**ASSIGNED TASK:**
Where does the word "contraR" appear in the data? Copy every line that holds it.

**AVAILABLE DATA:**
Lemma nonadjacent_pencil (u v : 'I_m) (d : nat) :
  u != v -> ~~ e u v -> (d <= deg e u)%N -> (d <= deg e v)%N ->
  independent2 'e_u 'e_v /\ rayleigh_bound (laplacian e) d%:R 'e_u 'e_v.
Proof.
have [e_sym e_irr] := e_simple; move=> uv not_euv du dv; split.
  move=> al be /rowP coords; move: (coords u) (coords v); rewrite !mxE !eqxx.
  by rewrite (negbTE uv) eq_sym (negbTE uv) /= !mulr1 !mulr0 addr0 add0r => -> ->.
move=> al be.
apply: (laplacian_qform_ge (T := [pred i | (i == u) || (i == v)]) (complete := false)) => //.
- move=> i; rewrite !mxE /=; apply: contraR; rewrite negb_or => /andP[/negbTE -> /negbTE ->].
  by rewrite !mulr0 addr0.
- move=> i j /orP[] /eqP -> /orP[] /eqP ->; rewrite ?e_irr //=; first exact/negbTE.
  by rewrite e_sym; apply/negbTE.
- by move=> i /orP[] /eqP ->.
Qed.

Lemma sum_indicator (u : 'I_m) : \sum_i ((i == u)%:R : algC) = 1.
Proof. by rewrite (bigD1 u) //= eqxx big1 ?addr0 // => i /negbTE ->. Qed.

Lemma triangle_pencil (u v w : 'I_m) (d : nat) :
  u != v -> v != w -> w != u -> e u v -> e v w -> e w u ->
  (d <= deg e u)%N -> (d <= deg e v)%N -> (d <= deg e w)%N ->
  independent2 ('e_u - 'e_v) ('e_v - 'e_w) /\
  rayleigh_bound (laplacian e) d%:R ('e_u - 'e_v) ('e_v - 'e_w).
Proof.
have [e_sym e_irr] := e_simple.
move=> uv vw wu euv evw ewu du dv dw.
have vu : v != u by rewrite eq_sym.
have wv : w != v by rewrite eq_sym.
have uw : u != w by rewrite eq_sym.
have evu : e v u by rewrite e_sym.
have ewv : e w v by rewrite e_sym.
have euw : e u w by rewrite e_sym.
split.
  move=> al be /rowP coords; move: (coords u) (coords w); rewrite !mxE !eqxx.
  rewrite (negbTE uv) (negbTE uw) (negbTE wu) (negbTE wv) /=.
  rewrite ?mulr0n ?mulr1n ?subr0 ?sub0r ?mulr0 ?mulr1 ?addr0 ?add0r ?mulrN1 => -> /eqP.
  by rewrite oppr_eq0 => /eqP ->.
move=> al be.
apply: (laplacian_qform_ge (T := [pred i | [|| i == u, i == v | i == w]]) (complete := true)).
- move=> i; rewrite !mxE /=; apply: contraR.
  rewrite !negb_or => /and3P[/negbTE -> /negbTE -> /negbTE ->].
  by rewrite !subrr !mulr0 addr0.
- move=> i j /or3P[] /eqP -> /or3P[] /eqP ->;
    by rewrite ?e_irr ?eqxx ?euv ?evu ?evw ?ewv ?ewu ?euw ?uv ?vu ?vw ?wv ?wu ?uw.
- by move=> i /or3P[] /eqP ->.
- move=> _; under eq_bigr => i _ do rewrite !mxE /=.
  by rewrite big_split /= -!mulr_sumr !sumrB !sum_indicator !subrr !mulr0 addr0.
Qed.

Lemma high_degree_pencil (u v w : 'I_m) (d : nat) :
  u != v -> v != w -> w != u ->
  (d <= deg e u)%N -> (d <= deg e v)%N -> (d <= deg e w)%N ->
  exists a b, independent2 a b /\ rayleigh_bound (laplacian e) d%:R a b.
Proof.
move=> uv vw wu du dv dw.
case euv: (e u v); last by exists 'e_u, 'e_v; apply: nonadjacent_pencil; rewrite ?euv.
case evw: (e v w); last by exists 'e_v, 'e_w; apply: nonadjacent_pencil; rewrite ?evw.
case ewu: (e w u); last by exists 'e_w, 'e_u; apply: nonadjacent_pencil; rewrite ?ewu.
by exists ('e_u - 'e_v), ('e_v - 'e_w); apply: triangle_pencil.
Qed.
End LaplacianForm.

**FINISHED TASK:**
- move=> i; rewrite !mxE /=; apply: contraR; rewrite negb_or => /andP[/negbTE -> /negbTE ->].
- move=> i; rewrite !mxE /=; apply: contraR.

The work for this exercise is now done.